5% Is A Good Balance
 There are really only 2 things we can do to make β
smaller.
 First, we can make α higher.
 This is usually counterproductive, as it just makes us
more likely to be wrong the other direction.
 Second, we can make n (the sample size) larger.
 Larger sample sizes make everything better.
 Make the sample size too large, though, and you violate
the less than 10% condition.
 Also, if the sample is too large, you are pretty much
doing a census.
A Pair of Complements
 For a 2-sided test (One where the alternative is a ≠
kind), the complement of α is the confidence level.
 And the compliment of the confidence level is the
significance level.
 So, 95% confidence matches with 5% (for a ≠ test).
 The complement of β is called statistical power.
 You don’t need the formula for this, and only need to
know the term in a general way.
Significance
 Remember how we discussed the difference between
statistical significance and practical significance?
 I remember it.
 Hopefully we can all remember it.
 If the p-value is lower than α, we found sufficient
evidence.
 Another way to say this is that a “statistically
significant difference was found”.
 Statistically significant means the H0 got rejected.
Nothing To Prove
 Remember how I said earlier that Statistics is never
used to prove anything ever?
 I remember it.
 Hopefully we can all remember it.
 We never prove the null or the alternative hypothesis.
 We only support the alternative strongly enough or do
not support it strongly enough.
A Truckload of Apples
 On a recent homework problem you were asked to find
out how likely it was that a sample of 150 apples were
taken from a whole truckload would have less than 5%
damaged.
 We were able to do this math because we were told
that the true percentage of damaged apples was 8%.
A Truckload of Apples
 In the real world we would not know that 8% of the
whole truckload was damaged.
 They just told us that so we could do the math.

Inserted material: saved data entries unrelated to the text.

(* Any quantum algorithm which takes an $n\times n$ permutation matrix as input (with oracle access to its entries) and outputs the sign of the permutation matrix has query complexity at least $\Omega(n^{3/2})$.
   Context: A permutation matrix is a Boolean $n\times n$ matrix with exactly one entry $1$ in each row and each column; its entries equal to $1$ are at positions $(i,\pi(i))$ for a permutation $\pi$, and its sign is the sign of $\pi$. *)

From HB Require Import structures.
From mathcomp Require Import all_boot all_order all_algebra all_fingroup all_field.
Set Implicit Arguments. Unset Strict Implicit. Unset Printing Implicit Defensive.
Import Order.TTheory GRing.Theory Num.Theory.
Local Open Scope ring_scope.

(* Basis of the Hilbert space: query register (i, j) for entry (i,j) of an
   n x n Boolean matrix, an answer bit, and a workspace register of size m. *)
Definition qbasis (n m : nat) : finType := ('I_n * 'I_n * bool * 'I_m)%type.

Definition qop (S : finType) := S -> S -> algC.
Definition qvec (S : finType) := S -> algC.

Definition qapply (S : finType) (M : qop S) (v : qvec S) : qvec S :=
  fun s => \sum_(t : S) M s t * v t.

Definition qunitary (S : finType) (M : qop S) : Prop :=
  forall s t : S, \sum_(u : S) (M u s)^* * M u t = (s == t)%:R.

Definition qbasis_vec (S : finType) (s0 : S) : qvec S := fun s => (s == s0)%:R.

Definition oracle_flip n m (x : 'I_n -> 'I_n -> bool) (t : qbasis n m)
  : qbasis n m :=
  let: (i, j, b, w) := t in (i, j, b (+) x i j, w).

Definition qoracle n m (x : 'I_n -> 'I_n -> bool) : qop (qbasis n m) :=
  fun s t => (s == oracle_flip x t)%:R.

Fixpoint qrun n m (U : nat -> qop (qbasis n m)) (s0 : qbasis n m)
  (x : 'I_n -> 'I_n -> bool) (k : nat) : qvec (qbasis n m) :=
  match k with
  | 0 => qapply (U 0%N) (qbasis_vec s0)
  | k'.+1 => qapply (U k) (qapply (@qoracle n m x) (qrun U s0 x k'))
  end.

Definition qprob n m (U : nat -> qop (qbasis n m)) (s0 : qbasis n m)
  (out : qbasis n m -> bool) (x : 'I_n -> 'I_n -> bool) (T : nat) (b : bool)
  : algC :=
  \sum_(s : qbasis n m | out s == b) `|qrun U s0 x T s| ^+ 2.

Definition perm_matrix n (p : 'S_n) : 'I_n -> 'I_n -> bool :=
  fun i j => p i == j.

(* A T-query algorithm (workspace size m, unitaries U 0..U T, initial basis
   state s0, output labelling out) computes the sign of permutation matrices
   with bounded error 1/3: output bit = odd_perm p (true iff sign is -1). *)
Definition computes_perm_sign n m (T : nat) (U : nat -> qop (qbasis n m))
  (s0 : qbasis n m) (out : qbasis n m -> bool) : Prop :=
  (forall k, (k <= T)%N -> qunitary (U k)) /\
  forall p : 'S_n, 2%:R / 3%:R <= qprob U s0 out (perm_matrix p) T (odd_perm p).

From HB Require Import structures.
From mathcomp Require Import all_boot all_order all_algebra all_fingroup all_field.
From mathcomp Require Import ring zify.
Import Order.TTheory GRing.Theory Num.Theory.
Set Implicit Arguments. Unset Strict Implicit. Unset Printing Implicit Defensive.
Local Open Scope ring_scope.

(* A weighted adversary argument.  Relate every permutation p to the n(n-1)
   permutations [row_swap a b p], a != b, which have the opposite sign, and
   let [progress k] be the total overlap of the corresponding pairs of states
   after k queries.  It starts at n! n(n-1); if the algorithm is correct with
   probability 2/3, every final overlap is at most 17/18, so [progress] has to
   drop by n! n(n-1)/18.  A query changes an overlap only through the
   amplitude on the entries where the two inputs differ.  Weighting a 1-entry
   by 1/sqrt n and a 0-entry by sqrt n, AM-GM bounds the drop per query by
   4 sqrt n n!, because an entry equal to 1 is changed by at most 2n row swaps
   and an entry equal to 0 by at most 2.  Hence T >= n(n-1) / (72 sqrt n). *)

Lemma ler_weighted_AGM2 (R : numFieldType) (a b l : R) :
  0 <= a -> 0 <= b -> 0 < l -> 2 * (a * b) <= l * a ^+ 2 + l^-1 * b ^+ 2.
Proof.
move=> a0 b0 l0; rewrite -subr_ge0.
have -> : l * a ^+ 2 + l^-1 * b ^+ 2 - 2 * (a * b) = l^-1 * (l * a - b) ^+ 2.
  by field; rewrite gt_eqF.
apply: mulr_ge0; first by rewrite invr_ge0 ltW.
by rewrite -realEsqr rpredB // ?rpredM // ger0_real // ltW.
Qed.

Section InnerProduct.
Variable S : finType.
Implicit Types (v w : qvec S) (M : qop S).

Definition qdot v w : algC := \sum_s (v s)^* * w s.
Definition qnorm2 v : algC := \sum_s `|v s| ^+ 2.

Lemma qdot_self v : qdot v v = qnorm2 v.
Proof. by apply: eq_bigr => s _; rewrite normCK mulrC. Qed.

Lemma qnorm2_basis s0 : qnorm2 (qbasis_vec s0) = 1.
Proof.
rewrite /qnorm2 (bigD1 s0) //= /qbasis_vec eqxx normr1 expr1n big1 ?addr0 //.
by move=> s /negbTE ->; rewrite normr0 expr0n.
Qed.

Lemma qdot_unitary M v w : qunitary M ->
  qdot (qapply M v) (qapply M w) = qdot v w.
Proof.
move=> uM; rewrite /qdot /qapply.
transitivity (\sum_u \sum_s \sum_t ((v s)^* * w t) * ((M u s)^* * M u t)).
  apply: eq_bigr => u _; rewrite rmorph_sum big_distrl; apply: eq_bigr => s _.
  by rewrite big_distrr; apply: eq_bigr => t _; rewrite rmorphM /=; ring.
rewrite exchange_big; apply: eq_bigr => s _.
rewrite exchange_big (bigD1 s) //= -big_distrr /= uM eqxx mulr1 big1 ?addr0 //.
by move=> t ts; rewrite -big_distrr /= uM eq_sym (negbTE ts) mulr0.
Qed.

Lemma norm_qdot_le v w : `|qdot v w| <= \sum_s `|v s| * `|w s|.
Proof.
apply: le_trans (ler_norm_sum _ _ _) _; apply: ler_sum => s _.
by rewrite normrM norm_conjC.
Qed.

(* Weighted AM-GM, with weight 2/3 where [v] concentrates and 3/2 where [w] does. *)
Lemma norm_qdot_separated v w (P : pred S) :
  qnorm2 v = 1 -> qnorm2 w = 1 ->
  2%:R / 3%:R <= \sum_(s | P s) `|v s| ^+ 2 ->
  2%:R / 3%:R <= \sum_(s | ~~ P s) `|w s| ^+ 2 ->
  `|qdot v w| <= 17%:R / 18%:R.
Proof.
move=> nv nw hv hw; set t : algC := 2%:R / 3%:R.
have t0 : 0 < t by rewrite divr_gt0 ?ltr0n.
set A := \sum_(s | P s) `|v s| ^+ 2 in hv *.
set B := \sum_(s | ~~ P s) `|w s| ^+ 2 in hw *.
have nvP : \sum_(s | ~~ P s) `|v s| ^+ 2 = 1 - A.
  by rewrite -nv /qnorm2 [in RHS](bigID P) /= -/A addrC addrK.
have nwP : \sum_(s | P s) `|w s| ^+ 2 = 1 - B.
  by rewrite -nw /qnorm2 [in RHS](bigID P) /= -/B addrK.
have AGM s : 2 * (`|v s| * `|w s|) <= if P s then t * `|v s| ^+ 2 + t^-1 * `|w s| ^+ 2
                                       else t^-1 * `|v s| ^+ 2 + t * `|w s| ^+ 2.
  case: (P s); first exact: ler_weighted_AGM2.
  by rewrite -{2}(invrK t) ler_weighted_AGM2 ?invr_gt0.
rewrite -(ler_pM2l (_ : 0 < 2)) //; apply: le_trans (ler_wpM2l _ (norm_qdot_le v w)) _ => //.
rewrite big_distrr; apply: le_trans (ler_sum _ (fun s _ => AGM s)) _.
rewrite (bigID P) /=; under eq_bigr => s -> do [].
under [X in _ + X]eq_bigr => s /negbTE -> do [].
rewrite !big_split /= -!big_distrr /= -/A -/B nvP nwP -subr_ge0.
have -> : 2 * (17%:R / 18%:R) - (t * A + t^-1 * (1 - B) + (t^-1 * (1 - A) + t * B))
   = 5%:R / 6%:R * ((A - 2%:R / 3%:R) + (B - 2%:R / 3%:R)) by rewrite /t; field.
by rewrite mulr_ge0 ?divr_ge0 ?ler0n // addr_ge0 // subr_ge0.
Qed.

 So what should we do in the real world?
 Since we don’t know what the true percent is, we will
do the next best thing…we will make a wild
assumption about the truth.
Wild Assumption
 In practice we will make a sensible assumption,
actually.
 Our assumption will usually be based on something
that is known.
 This could be past data.
 This could be the value from a similar group.
 This could be .5 in the case of fair coins.
 The purpose in making this assumption is, primarily,
to allow us to do the math.
Alternatives
 The alternative hypothesis will be based on whatever
we are trying to prove.
 We use the null hypothesis so we can do the math, but
really the alternative hypothesis is what we are trying
to focus on when we run a hypothesis test.
Foreshadowing FTW
 Tomorrow we will discuss inferior ways to run a
hypothesis test.
 I say inferior, but they are perfectly acceptable.
 Mr. J.P. Damron, in fact, almost always favored a
confidence interval method for running hypothesis
tests.
 It is worth noting that he never once got a hypothesis
test wrong with this method, and seriously did over 30
of them.
Assignments
 You can read chapter 21, but I do not think it is
necessary, especially if you have limited free time.
 Test 4 is next week on Thursday.
 There will be another Quiz Retake Bonanza on
February 19th (the day after the test).